I sit up straighter. “But what?”

“I did find something older. School enrollment, elementary level. Facial recognition gives me an 89% match—same eyes, same jawline, even back then. It's her.”

“And then?”

“And then nothing. Like the entire family vanished off the grid. But here’s the thing—they didn’t disappear.”

“Meaning?”

“After they moved, the whole family started using a new last name. No court filing, no traceable paper trail. Just—new IDs. New address. New state.”

I lean back slowly, watching the shadows shift across the wall.

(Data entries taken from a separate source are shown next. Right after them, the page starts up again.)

(* The bound on [dLy] is what controls the boundary term at [a], where
   [dg] need not converge. *)
Lemma filterlim_boundary_term (F : (R -> Prop) -> Prop) {FF : Filter F} x :
  F (oc a b) -> filterlim g F (locally x) -> filterlim h F (locally x) ->
  filterlim psi F (locally 0).
Proof.
  intros Hoc Hg Hh. apply (filterlim_bounded_mul_0 _ _ M).
  - apply (filter_imp _ _ (fun t Ht => HM _ _ (inX_in_O _ _ _ _ _ _ _ _ Xg t Ht)) Hoc).
  - rewrite <- (Rminus_diag x). now apply filterlim_sub.
Qed.

Lemma boundary_term_lim_a : filterlim psi (at_right a) (locally 0).
Proof.
  apply (filterlim_boundary_term _ alpha);
    [| eapply inX_lim_right_of_a; eauto | eapply inX_lim_right_of_a; eauto].
  apply (filter_imp (fun s => a < s < b)); [intros s Hs; red; lra | now apply at_right_interval].
Qed.

Lemma boundary_term_lim_b : filterlim psi (at_left b) (locally 0).
Proof.
  apply (filterlim_boundary_term _ beta);
    [| eapply inX_lim_left_of_b; eauto | eapply inX_lim_left_of_b; eauto].
  apply (filter_imp (fun s => a < s < b)); [intros s Hs; red; lra | now apply at_left_interval].
Qed.

Lemma RInt_lagrangian_gap_lim_b :
  filterlim (fun u => RInt gap u b) (at_left b) (locally 0).
Proof.
  apply (filterlim_RInt_upper_end _ _ (Rabs (gap b) + 1)).
  assert (Hcont : cont_within (oc a b) gap b).
  { apply filterlim_sub; eapply inX_cont_within_lagrangian_b; eauto. }
  assert (Hnear : locally b (fun t => a < t /\ (oc a b t -> ball (gap b) 1 (gap t)))).
  { apply filter_and; [apply (locally_interval _ b a p_infty); easy|].
    apply Hcont. now exists (mkposreal 1 Rlt_0_1). }
  generalize (at_left_forall_between _ _ Hnear). unfold at_left, within.
  apply filter_imp. intros u Hu Hub. specialize (Hu Hub).
  destruct (Hu u (conj (Rle_refl u) (Rlt_le _ _ Hub))) as [Hau _].
  split; [apply ex_RInt_lagrangian_gap; lra|].
  intros t Ht. destruct (Hu t Ht) as [Hat Hball].
  specialize (Hball (conj Hat (proj2 Ht))). change (Rabs (gap t - gap b) < 1) in Hball.
  pose proof (Rabs_triang_inv (gap t) (gap b)). lra.
Qed.

Local Notation excess s := (RInt gap s b + psi s).

Lemma RInt_lagrangian_gap_Chasles s u :
  a < s -> s <= u -> u <= b -> RInt gap s b = RInt gap s u + RInt gap u b.
Proof.
  intros Has Hsu Hub. symmetry.
  apply (RInt_Chasles gap); apply ex_RInt_lagrangian_gap; lra.
Qed.

Lemma excess_nonincreasing s u : a < s -> s <= u -> u < b -> excess u <= excess s.
Proof.
  intros Has Hsu Hub. rewrite (RInt_lagrangian_gap_Chasles s u) by lra.
  pose proof (boundary_term_le_RInt_gap s u Has Hsu Hub). lra.
Qed.

Lemma excess_nonneg s : a < s < b -> 0 <= excess s.
Proof.
  intros Hs.
  apply (filterlim_le (F := at_left b) (fun u => excess u) (fun _ => excess s) 0 (excess s)).
  - apply (filter_imp (fun u => s < u < b)); [|now apply at_left_interval].
    intros u Hu. apply excess_nonincreasing; lra.
  - rewrite <- (Rplus_0_r 0).
    apply filterlim_add; [apply RInt_lagrangian_gap_lim_b | apply boundary_term_lim_b].
  - apply filterlim_const.
Qed.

“Her parents changed their identities?”

“Looks that way. And quietly too. No criminal flags, no obvious heat.”

“And Ani?”

“Regular life. She had a job, an apartment, normal stuff. But then she quits her job out of nowhere. No digital trail. Just drops off for almost two years.”

A cold breath drags down my spine.

“After that, she shows up in Colorado. Same face. Different last name with just enough paperwork to rent an apartment and get hired slinging drinks.”

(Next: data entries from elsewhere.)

Lemma concat_integral_split (n : nat) (Bm : nat -> nat -> R)
  (z1 z2 x1_1 x1_2 x2_1 x2_2 : R -> vec) :
  smooth_curve n z1 -> smooth_curve n z2 ->
  smooth_curve n x1_1 -> smooth_curve n x1_2 ->
  smooth_curve n x2_1 -> smooth_curve n x2_2 ->
  (forall t i, (i < n)%nat -> 0 <= t <= / 2 -> z1 t i = x1_1 (2 * t) i) ->
  (forall t i, (i < n)%nat -> 0 <= t <= / 2 -> z2 t i = x1_2 (2 * t) i) ->
  (forall t i, (i < n)%nat -> / 2 <= t <= 1 -> z1 t i = x2_1 (2 * t - 1) i) ->
  (forall t i, (i < n)%nat -> / 2 <= t <= 1 -> z2 t i = x2_2 (2 * t - 1) i) ->
  Rint (varpi_integrand n Bm z1 z2) 0 1 =
  Rint (varpi_integrand n Bm x1_1 x1_2) 0 1 + Rint (varpi_integrand n Bm x2_1 x2_2) 0 1.
Proof.
  intros Sz1 Sz2 S11 S12 S21 S22 Hz1a Hz2a Hz1b Hz2b.
  assert (Cz := varpi_integrand_continuity n Bm _ _ Sz1 Sz2).
  assert (C1 := varpi_integrand_continuity n Bm _ _ S11 S12).
  assert (C2 := varpi_integrand_continuity n Bm _ _ S21 S22).
  assert (RI : forall f a b, continuity f -> a <= b -> Riemann_integrable f a b).
  { intros f a b Cf hab. apply continuity_implies_RiemannInt; auto. }
  rewrite (Rint_RiemannInt _ _ _ (RI _ 0 1 Cz ltac:(lra))).
  rewrite (Rint_RiemannInt _ _ _ (RI _ 0 1 C1 ltac:(lra))).
  rewrite (Rint_RiemannInt _ _ _ (RI _ 0 1 C2 ltac:(lra))).
  rewrite <- (@RiemannInt_P25 _ _ _ _
                (RI _ 0 (/ 2) Cz ltac:(lra)) (RI _ (/ 2) 1 Cz ltac:(lra))) by lra.
  f_equal.
  - rewrite (@RiemannInt_P18 _ _ _ _ _
      (RI _ 0 (/ 2) (continuity_affine_reparam _ 2 0 C1) ltac:(lra))).
    + apply RiemannInt_affine_subst; auto; lra.
    + lra.
    + apply (varpi_integrand_double_speed n Bm _ _ _ _ 0 (/ 2)); auto.
      all: intros; replace (2 * t + 0) with (2 * t) by ring; auto.
  - rewrite (@RiemannInt_P18 _ _ _ _ _
      (RI _ (/ 2) 1 (continuity_affine_reparam _ 2 (-1) C2) ltac:(lra))).
    + apply RiemannInt_affine_subst; auto; lra.
    + lra.
    + apply (varpi_integrand_double_speed n Bm _ _ _ _ (/ 2) 1); auto.
      all: intros; replace (2 * t + -1) with (2 * t - 1) by ring; auto.
Qed.

Definition varpi_boundary (n : nat) (G : LieGroup n) (Bm : nat -> nat -> R) (g : G)
    (xi zeta : R -> vec) : R :=
  dot n Bm (matvec n (Ad G g) (xi 0)) (vxi n G g zeta)
  + / 2 * dot n Bm (vxi n G g xi) (vxi n G g zeta).

Lemma varpi_decomposition (n : nat) (G : LieGroup n) (Bm : nat -> nat -> R) (g : G)
    (xi zeta : R -> vec) :
  varpi n G Bm g xi zeta =
  Rint (varpi_integrand n Bm xi zeta) 0 1 - varpi_boundary n G Bm g xi zeta.
Proof. unfold varpi, varpi_boundary, varpi_integrand. ring. Qed.

Lemma concat_at_0 (n : nat) (G : LieGroup n) (g2 g1 : G) (xi2 xi1 zeta : R -> vec) :
  is_concat n G g2 g1 xi2 xi1 zeta -> forall i, (i < n)%nat -> zeta 0 i = xi1 0 i.
Proof.
  intros (_ & _ & _ & _ & Hfirst & _) i Hi.
  rewrite Hfirst by (auto; lra). rewrite Rmult_0_r; auto.
Qed.

Lemma concat_at_1 (n : nat) (G : LieGroup n) (g2 g1 : G) (xi2 xi1 zeta : R -> vec) :
  is_concat n G g2 g1 xi2 xi1 zeta -> forall i, (i < n)%nat -> zeta 1 i = xi2 1 i.
Proof.
  intros (_ & _ & _ & _ & _ & Hsecond & _) i Hi.
  rewrite Hsecond by (auto; lra). replace (2 * 1 - 1) with 1 by ring; auto.
Qed.

Lemma concat_Ad_start (n : nat) (G : LieGroup n) (g2 g1 : G) (xi2 xi1 zeta : R -> vec) :
  is_concat n G g2 g1 xi2 xi1 zeta -> forall i, (i < n)%nat ->
  matvec n (Ad G (gmul G g2 g1)) (zeta 0) i =
  matvec n (Ad G g2) (xi2 0) i - matvec n (Ad G g2) (vxi n G g1 xi1) i.
Proof.
  intros Hcat i Hi.
  assert (Hstart := concat_at_0 n G g2 g1 xi2 xi1 zeta Hcat).
  destruct Hcat as (_ & _ & Hcomp & _).
  rewrite Ad_mul, <- matvec_sub by auto.
  apply matvec_ext. intros j Hj. unfold vxi. rewrite <- Hcomp by auto.
  rewrite (matvec_ext n (Ad G g1) (zeta 0) (xi1 0)) by auto.
  ring.
Qed.

Lemma concat_vxi (n : nat) (G : LieGroup n) (g2 g1 : G) (xi2 xi1 zeta : R -> vec) :
  is_concat n G g2 g1 xi2 xi1 zeta -> forall i, (i < n)%nat ->
  vxi n G (gmul G g2 g1) zeta i = vxi n G g2 xi2 i + matvec n (Ad G g2) (vxi n G g1 xi1) i.
Proof.
  intros Hcat i Hi. unfold vxi at 1.
  rewrite (concat_Ad_start n G g2 g1 xi2 xi1 zeta Hcat i Hi).
  rewrite (concat_at_1 n G g2 g1 xi2 xi1 zeta Hcat i Hi).
  unfold vxi. ring.
Qed.

(** Pairing theta^L with a vector is pairing theta^R with its Ad-image,
    because theta^R_g = Ad_g theta^L_g and the form is Ad-invariant. *)
Lemma thetaL_pairing (n : nat) (G : LieGroup n) (Bm : nat -> nat -> R)
  (HB : invariant_form n G Bm) (g : G) (X : Tan G g) (w : vec) :
  dot n Bm (thetaL G g X) w = dot n Bm (thetaR G g X) (matvec n (Ad G g) w).
Proof.
  destruct HB as [_ Hinv]. rewrite <- (Hinv g (thetaL G g X) w).
  apply dot_ext; auto. intros i Hi. rewrite thetaR_Ad by auto. reflexivity.
Qed.

Lemma lam_anchor (n : nat) (G : LieGroup n) (Bm : nat -> nat -> R)
  (HB : invariant_form n G Bm) (g2 g1 : G) (xi2a xi1a xi2b xi1b : R -> vec)
  (X2a X2b : Tan G g2) (X1a X1b : Tan G g1) :
  is_anchor n G g2 xi2a X2a -> is_anchor n G g2 xi2b X2b ->
  is_anchor n G g1 xi1a X1a -> is_anchor n G g1 xi1b X1b ->
  lam n G Bm g2 g1 X2a X1a X2b X1b =
  / 2 * (dot n Bm (vxi n G g2 xi2a) (matvec n (Ad G g2) (vxi n G g1 xi1b))
         - dot n Bm (vxi n G g2 xi2b) (matvec n (Ad G g2) (vxi n G g1 xi1a))).
Proof.
  intros H2a H2b H1a H1b. unfold lam. rewrite !(thetaL_pairing n G Bm HB).
  rewrite (dot_ext n Bm (thetaR G g2 X2a) (vxi n G g2 xi2a)
             (matvec n (Ad G g2) (thetaR G g1 X1b)) (matvec n (Ad G g2) (vxi n G g1 xi1b)));
    [ | auto | intros; apply matvec_ext; auto ].
  rewrite (dot_ext n Bm (thetaR G g2 X2b) (vxi n G g2 xi2b)
             (matvec n (Ad G g2) (thetaR G g1 X1a)) (matvec n (Ad G g2) (vxi n G g1 xi1a)));
    [ | auto | intros; apply matvec_ext; auto ].
  reflexivity.
Qed.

I stare at the file again like it might suddenly confess something.

“You think she remembers any of it?”

“I think she remembers enough to be dangerous. But not enough to connect the dots.”

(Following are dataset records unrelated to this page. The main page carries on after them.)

(* Let $W$ be an eventually periodic subset of $\mathbb{Z}^d$ with periods $u_1,\dots,u_d$, and let $\mathscr{W},\mathcal{W},\mathscr{W}_1$ be as defined in the context. Let $M$ be a minimal complement of $W$ in $\mathbb{Z}^d$. Let $M_\infty$ be the union of those fibres $M_{\bar v}$ ($\bar v\in\mathbb{Z}^d/\mathcal{L}$) such that for every real $N$ there exists $x\in M_{\bar v}$ all of whose coordinates with respect to $u_1,\dots,u_d$ are $\leqslant N$. Let $\mathcal{M}\subseteq M_\infty$ be such that $\pi$ restricts to a bijection $\mathcal{M}\to\pi(M_\infty)$. Then: (1) $M_\infty$ is infinite, $\mathcal{M}$ is a nonempty finite set, $\mathscr{W}_1$ is nonempty, and $\pi(\mathcal{M}+(\mathcal{W}\cup\mathscr{W}_1))=\mathbb{Z}^d/\mathcal{L}$. (2) For every $m\in\mathcal{M}$ there exists $w\in\mathscr{W}_1$ such that $m+w\not\equiv m'+w'\pmod{\mathcal{L}}$ for all $m'\in\mathcal{M}$ and all $w'\in\mathcal{W}$.
   Context: $d\geqslant1$, $\mathbb{N}=\{0,1,2,\dots\}$. Let $u_1,\dots,u_d\in\mathbb{Z}^d$ satisfy no nontrivial $\mathbb{Z}$-linear relation, $\mathcal{L}=\mathbb{Z}u_1+\dots+\mathbb{Z}u_d$, $P=\mathbb{N}u_1+\dots+\mathbb{N}u_d$, $\pi:\mathbb{Z}^d\to\mathbb{Z}^d/\mathcal{L}$ the quotient map, and $X_{\bar v}=X\cap\pi^{-1}(\bar v)$. Coordinates of $x\in\mathbb{Z}^d$ with respect to $u_1,\dots,u_d$ are the unique $t_i\in\mathbb{Q}$ with $x=\sum t_iu_i$. A nonempty $X\subseteq\mathbb{Z}^d$ is eventually periodic with periods $u_1,\dots,u_d$ if $X\subseteq F+P$ for some nonempty finite $F\subseteq\mathbb{Z}^d$ and $x+P\subseteq X$ for all but finitely many $x\in X$. For such $W$: $\mathscr{W}=\{w\in W:w+P\not\subseteq W\}$; $\mathcal{W}=\{w\in W\setminus\mathscr{W}:(w-P)\cap(W\setminus\mathscr{W})=\{w\}\}$; $\mathscr{W}_1$ is the set of elements of $\mathscr{W}$ congruent modulo $\mathcal{L}$ to no element of $\mathcal{W}$. A nonempty $M\subseteq\mathbb{Z}^d$ is a complement of $W$ if $M+W=\mathbb{Z}^d$, and a minimal complement if no proper subset of $M$ is a complement of $W$. *)

From mathcomp Require Import all_boot all_order all_algebra.
Set Implicit Arguments. Unset Strict Implicit. Unset Printing Implicit Defensive.
Import Order.TTheory GRing.Theory Num.Theory.
Local Open Scope ring_scope.

Notation vec d := 'rV[int]_d.
Definition vset (d : nat) := vec d -> Prop.

Section Defs.
Variables (d : nat) (u : 'I_d -> vec d).

Definition Zindep : Prop :=
  forall c : 'I_d -> int, \sum_(i < d) u i *~ c i = 0 -> forall i, c i = 0.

There’s a beat of silence on the line. Then Travis exhales, “You starting to think she’s not the collateral?”

I look toward the hallway at the soft glow under the door, the quiet reminder that she’s still here, curled up in my bed.

“Fuck.”

I drag a hand over my mouth as the truth settles like a blade between my ribs.

I’ve been treating her like she’s just a piece on the board, but if Travis is right—if the missing years, the name change, the ghost trail all add up—then Ani didn’t get caught in someone else’s crossfire.

Which means I’ve been digging in the wrong place, watching the wrong angles, and she’s been bleeding for it the entire time.

Goddamn it.

I’ll have to pull back. Rework every angle. Rethink every move I’ve made since the moment I laid eyes on her. But more than that—I need to know who else knows.

There’s more at play than I accounted for. Too many shadows. Too many missing pieces I didn’t bother to chase—because I thought she was part of them.

“FUCK.”

I slam my palm against the desk, wood rattling beneath the weight of it, and drag a hand down my face, jaw tight enough to crack.

I’ve been so goddamn focused on revenge I didn’t see what was right in front of me.